См. очерк Альберто Консильо «Популизм и новые тенденции во французской литературе» («Нуова антолоджиа», 1931, 1 апр.). Консильо отталкивается от опроса, проведенного «Нувель Литерер» на тему «рабочий и крестьянский роман» (июль – август 1930 г.). Статью эту надо будет перечесть, когда возникнет надобность в органической разработке данного вопроса. Тезис Консильо (сформулированный им более или менее ясно и недвусмысленно) состоит в следующем: на возрастающую политическую и социальную силу пролетариата и его идеологию некоторые слои французской интеллигенции отреагировали пресловутым движением «в народ». Сближение с народом, таким образом, означает новый подъем буржуазной мысли, не желающей терять своей гегемонии над народными классами и усваивающей часть пролетарской идеологии для того, чтобы осуществлять эту гегемонию еще полнее.
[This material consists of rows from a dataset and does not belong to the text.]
Lemma smax_list_sup_of_forms vs :
  sup_of_forms (smax_list d rho vs) /\ pos_def (smax_list d rho vs).
Proof.
  induction vs as [|v vs [IHs IHp]]; simpl.
  - split; [apply scaled_dot_sup_of_forms; lra|apply scaled_dot_pos_def; auto].
  - split; [apply smax_sup_of_forms|apply smax_pos_def]; auto using sq_dot_sup_of_forms.
Qed.

Lemma smax_list_ge0 vs y : 0 <= smax_list d rho vs y.
Proof. apply sup_of_forms_ge0, smax_list_sup_of_forms. Qed.

Lemma smax_list_ge vs v y : In v vs -> dot v y * dot v y <= smax_list d rho vs y.
Proof.
  induction vs as [|w vs IH]; simpl; [tauto|].
  pose proof (Rle_0_sqr (dot w y)); pose proof (smax_list_ge0 vs y).
  intros [<-|Hv].
  - apply smax_ge_l; auto; lra.
  - eapply Rle_trans; [apply IH, Hv|apply smax_ge_r; auto; lra].
Qed.

Lemma smax_list_le vs y m :
  (forall v, In v vs -> dot v y * dot v y <= m) -> rho * dot y y <= m ->
  smax_list d rho vs y <= m * (1 + d)^(length vs).
Proof.
  induction vs as [|v vs IH]; simpl; intros Hv H0; [lra|].
  assert (Hm : 0 <= m) by (pose proof (dot_self_ge0 y); nra).
  pose proof (pow_R1_Rle (1 + d) (length vs) ltac:(lra)).
  replace (m * ((1 + d) * (1 + d)^(length vs))) with ((1 + d) * (m * (1 + d)^(length vs)))
    by ring.
  apply smax_le; [lra|apply Rle_0_sqr|apply smax_list_ge0| |auto].
  pose proof (Hv v (or_introl eq_refl)); nra.
Qed.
Это, с точки зрения Консильо, возвращение к наиболее существенным «демократическим» формам формально «демократического» движения.Надо посмотреть, не является ли такого рода феномен очень показательным и исторически значительным, не представляет ли он необходимую переходную фазу, эпизод в косвенном «воспитании народа». Перечень «популистских тенденций» и анализ каждой из них мог бы оказаться интересным: можно было бы «открыть» одну из, говоря словами Вико, «хитростей природы», то есть показать, как социальная тенденция, имеющая определенную цель, приводит к прямо противоположному результату.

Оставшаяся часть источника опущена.